Abstract: Under the Radar? Identifying Parents with Intellectual Disability in Child Welfare (Society for Social Work and Research 26th Annual Conference - Social Work Science for Racial, Social, and Political Justice)

Under the Radar? Identifying Parents with Intellectual Disability in Child Welfare

Friday, January 14, 2022
Supreme Court, ML 4 (Marriott Marquis Washington, DC)
* noted as presenting author
Wendy Zeitlin, PhD, Assistant Professor, Montclair State University, Montclair, NJ
Astraea Augsberger, PhD, Assistant Professor, Boston University, MA
Noor Toraif, MA, Doctoral Student, Boston University, MA
Kira Chontow, MSW student, Montclair State University, Montclair, NJ
Background and Purpose: It is estimated that parents with intellectual disabilities (ID) are over-represented in child welfare systems in the US (DeZelar & Lightfoot, 2018; McConnell et al., 2020; Powell & Albert, 2020); however, it is unclear how consistently parental ID status is reported in documented allegations of child maltreatment. If disability is not accurately reported, it is possible that child welfare organizations may not detect families’ needs or provide appropriate services to keep children safe.

The current study examines the degree to which parental ID status is reported on a case-by-case and state-by-state basis when allegations of child maltreatment are made to State Central Registries. The purpose of this descriptive study is to determine with some certainty whether parental ID status is accurately reported and consider the implications if it appears to be problematic.

Methods: In this study we looked at parent ID status for 2,773,483 unduplicated cases in the 2018 National Child Abuse and Neglect Data System (NCANDS) Child File by state and nationally. We also used supporting documentation, state mapping plans, to identify whether states had the capability to report parental ID status. We computed frequencies and percentages by state/territory and nationally to determine how often parental ID status was reported as either yes, no, or unknown/missing and how much data was completely missing. For those states reporting completely missing data, we reviewed the mapping plans to determine whether each state reported being capable of providing this information and reviewing when the mapping plan was last updated.
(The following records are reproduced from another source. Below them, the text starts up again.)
(* The right-hand side is [k] times the length of the sequence of
   [exists_class_seq]. *)
Lemma class_count_ge d k M N : (2 <= d)%N -> (0 < k)%N -> (4 * k <= M)%N ->
  (4 * N <= 5 * M)%N ->
  (2 * N ^ d <= (2 * M + 1) %/ k * (2 * M + 1) ^ (d - 1) * k)%N.
Proof.
move=> d_ge2 k_gt0 kM NM.
set A := ((2 * M + 1) %/ k * k)%N.
have MA : (7 * M <= 4 * A)%N.
  rewrite /A; have := divn_eq (2 * M + 1) k; have := ltn_pmod (2 * M + 1) k_gt0.
  by move: ((2 * M + 1) %/ k * k)%N ((2 * M + 1) %% k)%N => a r; lia.
set X := ((2 * M + 1) ^ (d - 1))%N.
have MX : (7 * (2 * M) ^ d <= 8 * (A * X))%N.
  have -> : ((2 * M) ^ d = 2 * M * (2 * M) ^ (d - 1))%N.
    by rewrite -expnS subn1 prednK // (leq_trans _ d_ge2).
  have : ((2 * M) ^ (d - 1) <= X)%N by rewrite leq_exp2r ?subn_gt0 // leq_addr.
  move: ((2 * M) ^ (d - 1))%N X => Y Z YZ.
  have -> : (7 * (2 * M * Y) = 2 * (7 * M * Y))%N by ring.
  have -> : (8 * (A * Z) = 2 * (4 * A * Z))%N by ring.
  by rewrite leq_pmul2l // leq_mul.
have NM_d : ((4 * N) ^ d <= (5 * M) ^ d)%N by rewrite leq_exp2r // (leq_trans _ d_ge2).
rewrite mulnAC -/A -(@leq_pmul2l (8 * 4 ^ d)) ?muln_gt0 ?expn_gt0 //.
have -> : (8 * 4 ^ d * (2 * N ^ d) = 16 * (4 * N) ^ d)%N by rewrite expnMn; ring.
apply: (leq_trans (leq_mul (leqnn 16) NM_d)); rewrite expnMn mulnA.
apply: (leq_trans (leq_mul (expn5_le_expn8 d_ge2) (leqnn (M ^ d)))).
have -> : (7 * 8 ^ d * M ^ d = 4 ^ d * (7 * (2 * M) ^ d))%N.
  by rewrite (_ : 8 = 4 * 2)%N // !expnMn; ring.
by rewrite -mulnA (mulnCA 8) leq_mul2l MX orbT.
Qed.

Fixpoint radius (N0 j : nat) : nat :=
  if j is j'.+1 then radius N0 j' + radius N0 j' %/ 4 else N0.

Section Radius.
Variable N0 : nat.
Hypothesis N0_ge8 : (8 <= N0)%N.
Local Notation N := (radius N0).

Lemma radius_ge j : (N0 <= N j)%N.
Proof. by elim: j => //= j IH; apply: leq_trans IH (leq_addr _ _). Qed.

Lemma radius_lt j : (N j < N j.+1)%N.
Proof.
rewrite /= -{1}(addn0 (N j)) ltn_add2l divn_gt0 //.
exact: leq_trans (leq_trans _ N0_ge8) (radius_ge j).
Qed.

Lemma radius_mono : {homo N : j j' / (j <= j')%N}.
Proof.
by apply: homo_leq => // [j j' j'' /leq_trans|j]; [apply|exact: ltnW (radius_lt j)].
Qed.

Lemma radiusS_le j : (4 * N j.+1 <= 5 * N j)%N.
Proof. by rewrite /=; have := leq_trunc_div (N j) 4; move: (N j) (N j %/ 4)%N => x q; lia. Qed.

Lemma radiusS_ge j : (9 * N j <= 8 * N j.+1)%N.
Proof.
rewrite /=; have := divn_eq (N j) 4; have := ltn_pmod (N j) (isT : 0 < 4)%N.
have := leq_trans N0_ge8 (radius_ge j).
by move: (N j) (N j %/ 4)%N (N j %% 4)%N => x q r; lia.
Qed.

Lemma radius_bracket J n : (N J <= n)%N ->
  exists j, [/\ (J <= j)%N, (N j <= n)%N & (n <= N j.+1)%N].
Proof.
move=> NJn; have exN : exists j, (N j <= n)%N by exists J.
have ubN j : (N j <= n)%N -> (j <= n)%N.
  apply: leq_trans; elim: j => //= j IH; have := radius_lt j; rewrite /=; lia.
have [j /= Njn maxj] := ex_maxnP exN ubN; exists j; split => //; first exact: maxj.
by rewrite leqNgt; apply/negP => /ltnW /(maxj j.+1); rewrite ltnn.
Qed.

Lemma radius_expr_ge (R : realType) j : (9 / 8 : R) ^+ j <= (N j)%:R.
Proof.
elim: j => [|j IH]; first by rewrite expr0 ler1n (leq_trans _ N0_ge8).
have := radiusS_ge j; rewrite -(ler_nat R) !natrM => le98.
rewrite exprS; apply: (le_trans (ler_wpM2l _ IH)) => //.
by rewrite -(@ler_pM2l _ 8) // mulrA mulrCA divff // mulr1.
Qed.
Results: States varied widely in how consistently parental ID status was reported. For example, the District of Columbia reported that in 18.74% of cases, a parent was diagnosed with ID, while Alabama reported no parents with ID. Thirteen states had completely missing data, with eight of these reporting being unable to provide this information based upon their own information systems. The largest category of parental ID status mentioned for states that provided at least some information was unknown/missing (n=1,478,384; 53.30% of all cases). The national average of cases in which a parent was confirmed to have ID was 0.43% of all cases (n=11,829); there were 901,906 cases (32.52% of all cases) in which a parent did not have ID.

Conclusions and Implications: This analysis provides a strong indication that parental ID status is not routinely reported to state child welfare systems and is likely under-reported based upon estimates provided by other countries. Identification of parents with ID in child welfare cases is relatively rare. This is particularly troubling as parents with ID often require specialized interventions to keep their children safe at home (Augsberger & Zeitlin, 2021). Based on this analysis, it is reasonable to assume that there are a substantial number of parents with ID who fly “under the radar.” Not addressing the needs of these families may result in unnecessary potentially adverse outcomes such as out-of-home care and termination of parental rights. Additional implications for child welfare practice, policy, and research will be discussed.